I learned my gay-sniffing skill from a Catholic priest who used to take me camping when I was 10,” Mr. M’Cockov said.  “He’d have me crawl into a sleeping bag with him and play, Sniff The Weenie And The Poopie, a game he swore would heighten my senses and protect me from perverts and gays throughout my entire life.  Well, it worked.  And it’s now a skill Mrs. Faust has hired me to use to sniff out the gays and perverts who might very well be lurking within the doors of her very own Church.   Let’s hope Mr.
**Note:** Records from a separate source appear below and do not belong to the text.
(* For all $a_0,a_1,a_2,a_3\in\mathcal{A}(\mathbb{CP}^1_q)$, $$\int_h a_0\,(\partial a_1\,\bar\partial a_2)\,a_3=\int_h \sigma(a_3)\,a_0\,\partial a_1\,\bar\partial a_2 .$$
   Context: Fix $0<q<1$. Let $\mathcal{A}(SU_q(2))$ be the unital complex $*$-algebra generated by $a,c$ subject to $ac=qca$, $ac^*=qc^*a$, $cc^*=c^*c$, $a^*a+c^*c=aa^*+q^2cc^*=1$, a Hopf $*$-algebra with $\Delta a=a\otimes a-qc^*\otimes c$, $\Delta c=c\otimes a+a^*\otimes c$. Let $U_q(su(2))$ be the Hopf algebra generated by $K,K^{-1},E,F$ with $KK^{-1}=K^{-1}K=1$, $KE=qEK$, $KF=q^{-1}FK$, $EF-FE=(K^2-K^{-2})/(q-q^{-1})$, $\Delta K=K\otimes K$, $\Delta E=E\otimes K+K^{-1}\otimes E$, $\Delta F=F\otimes K+K^{-1}\otimes F$, $\epsilon(K)=1,\epsilon(E)=\epsilon(F)=0$, acting on $\mathcal{A}(SU_q(2))$ as a left module algebra with $K\triangleright a=q^{-1/2}a$, $K\triangleright c=q^{-1/2}c$, $K\triangleright a^*=q^{1/2}a^*$, $K\triangleright c^*=q^{1/2}c^*$, $E\triangleright a=-qc^*$, $E\triangleright c=a^*$, $E\triangleright a^*=E\triangleright c^*=0$, $F\triangleright a=F\triangleright c=0$, $F\triangleright a^*=c$, $F\triangleright c^*=-q^{-1}a$. Put $X_-=q^{-1/2}FK$, $X_+=q^{1/2}EK$. Let $\mathcal{L}_k=\{x:K\triangleright x=q^{k/2}x\}$ and $\mathcal{A}(\mathbb{CP}^1_q):=\mathcal{L}_0$. Forms: $\Omega^1(SU_q(2))$ is the bimodule free as a left module on $\omega_+,\omega_-,\omega_z$ with $\omega_\pm x=q^kx\omega_\pm$, $\omega_zx=q^{2k}x\omega_z$ for $x\in\mathcal{L}_k$; products of 1-forms are taken in the exterior algebra where $\omega_\pm\wedge\omega_\pm=0$ and $\omega_+\wedge\omega_-=-q^2\omega_-\wedge\omega_+$. For $f\in\mathcal{A}(\mathbb{CP}^1_q)$: $\partial f=(X_+\triangleright f)\omega_+$, $\bar\partial f=(X_-\triangleright f)\omega_-$. $\Omega^2(\mathbb{CP}^1_q):=\mathcal{A}(\mathbb{CP}^1_q)\,\omega_-\wedge\omega_+$. Let $h$ be the Haar state: the linear functional on $\mathcal{A}(SU_q(2))$ with $h(1)=1$ and $(\mathrm{id}\otimes h)\Delta(x)=h(x)1$ (faithful and positive). Its modular automorphism $\sigma$ is the unique algebra automorphism of $\mathcal{A}(SU_q(2))$ with $h(xy)=h(\sigma(y)x)$ for all $x,y$; it maps $\mathcal{A}(\mathbb{CP}^1_q)$ to itself. Define $\int_h:\Omega^2(\mathbb{CP}^1_q)\to\mathbb{C}$ by $\int_h x\,\omega_-\wedge\omega_+=h(x)$. *)

From mathcomp Require Import all_boot all_order all_algebra complex.
From mathcomp Require Import reals.
Set Implicit Arguments. Unset Strict Implicit. Unset Printing Implicit Defensive.
Import Order.TTheory GRing.Theory Num.Theory.
Local Open Scope ring_scope.
Local Open Scope complex_scope.

(* Scalars: C := R[i] (complex numbers over a real field R : realType).
   The algebra A(SU_q(2)) is an algebra A : algType R[i] together with
   elements a, c and the involution st (the * operation). *)

Inductive gen := Ga | Gas | Gc | Gcs.

Definition gval (R : realType) (A : algType R[i]) (a c : A) (st : A -> A)
  (g : gen) : A :=
  match g with Ga => a | Gas => st a | Gc => c | Gcs => st c end.

Definition ev_word (R : realType) (A : algType R[i]) (a c : A) (st : A -> A)
  (w : seq gen) : A := foldr (fun g acc => gval a c st g * acc) 1 w.

(* PBW monomial a^k c^m c*^n, where a^k := (a^* )^(-k) for k < 0 *)
Definition pbw (R : realType) (A : algType R[i]) (a c : A) (st : A -> A)
  (t : int * nat * nat) : A :=
  let: (k, m, n) := t in
  (if (0 <= k)%R then a ^+ `|k|%N else (st a) ^+ `|k|%N) * c ^+ m * (st c) ^+ n.

(* An element of A (x) A is represented as a finite list of simple tensors
   (x, y) standing for  sum x (x) y. *)
Definition tprod (R : realType) (A : algType R[i]) (s t : seq (A * A)) :
  seq (A * A) := [seq (u.1 * v.1, u.2 * v.2) | u <- s, v <- t].

Definition cop_gen (R : realType) (q : R) (A : algType R[i]) (a c : A)
  (st : A -> A) (g : gen) : seq (A * A) :=
  match g with
  | Ga => [:: (a, a); (- (q%:C) *: st c, c)]
  | Gc => [:: (c, a); (st a, c)]
  | Gas => [:: (st a, st a); (- (q%:C) *: c, st c)]
  | Gcs => [:: (st c, st a); (a, st c)]
  end.

(* coproduct of a word (Delta is an algebra map) *)
Definition cop_word (R : realType) (q : R) (A : algType R[i]) (a c : A)
  (st : A -> A) (w : seq gen) : seq (A * A) :=
  foldr (fun g acc => tprod (cop_gen q a c st g) acc) [:: (1, 1)] w.

Definition id_tensor_h (R : realType) (A : algType R[i]) (h : A -> R[i])
  (s : seq (A * A)) : A := \sum_(p <- s) h p.2 *: p.1.

(* The map x |-> q^k x on L_k (extended linearly) is x |-> K^2 |> x;
   so omega_{+-} x = (K^2 |> x) omega_{+-}. *)
Definition Kw (R : realType) (A : algType R[i]) (K : A -> A) (x : A) : A :=
  K (K x).

(* 1-forms in the sub-bimodule spanned by omega_+, omega_- :
   (f, g) stands for f omega_+ + g omega_-. *)
Definition form1 (R : realType) (A : algType R[i]) := (A * A)%type.

(* 2-forms spanned by products of omega_+, omega_- :
   f stands for f omega_- /\ omega_+ . *)
Definition form2 (R : realType) (A : algType R[i]) := A.

(* (f+ w+ + f- w-) /\ (g+ w+ + g- w-)
   = f+ (K^2 g-) w+/\w- + f- (K^2 g+) w-/\w+
   = (f- (K^2 g+) - q^2 f+ (K^2 g-)) w-/\w+ *)
Definition wedge (R : realType) (q : R) (A : algType R[i]) (K : A -> A)
  (u v : form1 A) : form2 A :=
  u.2 * Kw K v.1 - (q ^+ 2)%:C *: (u.1 * Kw K v.2).

(* left and right module structure on 2-forms:
   x . (f w-/\w+) = (x f) w-/\w+ ;
   (f w-/\w+) . x = f (K^4 |> x) w-/\w+  *)
Definition f2_mull (R : realType) (A : algType R[i]) (x : A) (f : form2 A)
  : form2 A := x * f.
Definition f2_mulr (R : realType) (A : algType R[i]) (K : A -> A)
  (f : form2 A) (x : A) : form2 A := f * Kw K (Kw K x).

Definition Xplus (R : realType) (q : R) (A : algType R[i]) (E K : A -> A)
  (x : A) : A := (Num.sqrt q)%:C *: E (K x).
Definition Xminus (R : realType) (q : R) (A : algType R[i]) (F K : A -> A)
  (x : A) : A := ((Num.sqrt q)%:C)^-1 *: F (K x).

Definition del (R : realType) (q : R) (A : algType R[i]) (E K : A -> A)
  (f : A) : form1 A := (Xplus q E K f, 0).
Definition delbar (R : realType) (q : R) (A : algType R[i]) (F K : A -> A)
  (f : A) : form1 A := (0, Xminus q F K f).

Definition int_h (R : realType) (A : algType R[i]) (h : A -> R[i])
  (f : form2 A) : R[i] := h f.

From mathcomp Require Import all_boot all_order all_algebra complex.
From mathcomp Require Import reals.
Set Implicit Arguments. Unset Strict Implicit. Unset Printing Implicit Defensive.
Import Order.TTheory GRing.Theory Num.Theory.
Local Open Scope ring_scope.
Local Open Scope complex_scope.

(* The 2-form w_- /\ w_+ commutes with every element of degree 0, so on
   A(CP^1_q) the right action on 2-forms is plain multiplication and the
   identity is the twisted trace property h(x y) = h(sigma(y) x). *)

Section TwoForms.

Variables (R : realType) (A : algType R[i]) (K : A -> A).

Lemma Kw_fixed (x : A) : K x = x -> Kw K x = x.
Proof. by move=> Kx; rewrite /Kw !Kx. Qed.

Lemma f2_mulr_fixed (f : form2 A) (x : A) : K x = x -> f2_mulr K f x = f * x.
Proof. by move=> Kx; rewrite /f2_mulr !Kw_fixed. Qed.

Lemma int_h_twisted_trace (h : A -> R[i]) (sigma : A -> A)
    (sig_mod : forall x y, h (x * y) = h (sigma y * x)) (x y : A) (f : form2 A) :
  int_h h (f2_mull x (f * y)) = int_h h (f2_mull (sigma y * x) f).
Proof. by rewrite /int_h /f2_mull mulrA sig_mod mulrA. Qed.

End TwoForms.

Theorem lemma5p3 (R : realType) (q : R) (A : algType R[i])
  (a c : A) (st : A -> A) (K Ki E F : A -> A) (h : A -> R[i]) (sigma : A -> A)
  (* 0 < q < 1 *)
  (hq0 : 0 < q) (hq1 : q < 1)
  (* st is a conjugate-linear involutive anti-multiplicative map ( * ) *)
  (stD : forall x y, st (x + y) = st x + st y)
  (stZ : forall (k : R[i]) x, st (k *: x) = k^* *: st x)
  (stM : forall x y, st (x * y) = st y * st x)
  (stK : forall x, st (st x) = x)
  (* defining relations of A(SU_q(2)) *)
  (r1 : a * c = q%:C *: (c * a))
  (r2 : a * st c = q%:C *: (st c * a))
  (r3 : c * st c = st c * c)
  (r4 : st a * a + st c * c = 1)
  (r5 : a * st a + (q ^+ 2)%:C *: (c * st c) = 1)
  (* A is generated by a, a^*, c, c^* ... *)
  (gen_span : forall x : A, exists s : seq (R[i] * seq gen),
      x = \sum_(p <- s) p.1 *: ev_word a c st p.2)
  (* ... and the PBW monomials a^k c^m c^*^n are linearly independent,
     so A is (isomorphic to) A(SU_q(2)) *)
  (pbw_free : forall (s : seq (int * nat * nat)) (f : int * nat * nat -> R[i]),
      uniq s -> \sum_(t <- s) f t *: pbw a c st t = 0 ->
      forall t, t \in s -> f t = 0)
  (* left U_q(su(2))-module algebra structure *)
  (KL : forall (k : R[i]) x y, K (k *: x + y) = k *: K x + K y)
  (KiL : forall (k : R[i]) x y, Ki (k *: x + y) = k *: Ki x + Ki y)
  (EL : forall (k : R[i]) x y, E (k *: x + y) = k *: E x + E y)
  (FL : forall (k : R[i]) x y, F (k *: x + y) = k *: F x + F y)
  (KKi : forall x, K (Ki x) = x) (KiK : forall x, Ki (K x) = x)
  (KE : forall x, K (E x) = q%:C *: E (K x))
  (KF : forall x, K (F x) = (q%:C)^-1 *: F (K x))
  (EF : forall x, E (F x) - F (E x)
          = ((q - q^-1)%:C)^-1 *: (K (K x) - Ki (Ki x)))
  (K1 : K 1 = 1) (Ki1 : Ki 1 = 1) (E1 : E 1 = 0) (F1 : F 1 = 0)
  (KM : forall x y, K (x * y) = K x * K y)
  (KiM : forall x y, Ki (x * y) = Ki x * Ki y)
  (EM : forall x y, E (x * y) = E x * K y + Ki x * E y)
  (FM : forall x y, F (x * y) = F x * K y + Ki x * F y)
  (Ka : K a = ((Num.sqrt q)%:C)^-1 *: a)
  (Kc : K c = ((Num.sqrt q)%:C)^-1 *: c)
  (Kas : K (st a) = (Num.sqrt q)%:C *: st a)
  (Kcs : K (st c) = (Num.sqrt q)%:C *: st c)
  (Ea : E a = - q%:C *: st c) (Ec : E c = st a)
  (Eas : E (st a) = 0) (Ecs : E (st c) = 0)
  (Fa : F a = 0) (Fc : F c = 0)
  (Fas : F (st a) = c) (Fcs : F (st c) = - (q%:C)^-1 *: a)
  (* h is the Haar state *)
  (hL : forall (k : R[i]) x y, h (k *: x + y) = k * h x + h y)
  (h1 : h 1 = 1)
  (h_inv : forall w : seq gen,
      id_tensor_h h (cop_word q a c st w) = h (ev_word a c st w) *: 1)
  (* sigma is the modular automorphism of h *)
  (sigL : forall (k : R[i]) x y, sigma (k *: x + y) = k *: sigma x + sigma y)
  (sigM : forall x y, sigma (x * y) = sigma x * sigma y)
  (sig1 : sigma 1 = 1)
  (sig_bij : bijective sigma)
  (sig_mod : forall x y, h (x * y) = h (sigma y * x))
  (* a0, ..., a3 in A(CP^1_q) = L_0 *)
  (a0 a1 a2 a3 : A)
  (ha0 : K a0 = a0) (ha1 : K a1 = a1) (ha2 : K a2 = a2) (ha3 : K a3 = a3) :
  int_h h (f2_mull a0
             (f2_mulr K (wedge q K (del q E K a1) (delbar q F K a2)) a3))
  = int_h h (f2_mull (sigma a3 * a0)
             (wedge q K (del q E K a1) (delbar q F K a2))).
Proof.
by rewrite (f2_mulr_fixed _ ha3) (int_h_twisted_trace sig_mod).
Qed.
Faust isn’t one of them, however.  I can’t imagine Katy spreading her vile form of bigotry and hatred without his help.  I’ll be publishing a very public paper on my findings when I’m finished sniffing around, so watch for it.  Until then, may the all-encompassing love of Jesus Christ surround you, and keep you free from prejudice, each and every day of your lives.  Amen”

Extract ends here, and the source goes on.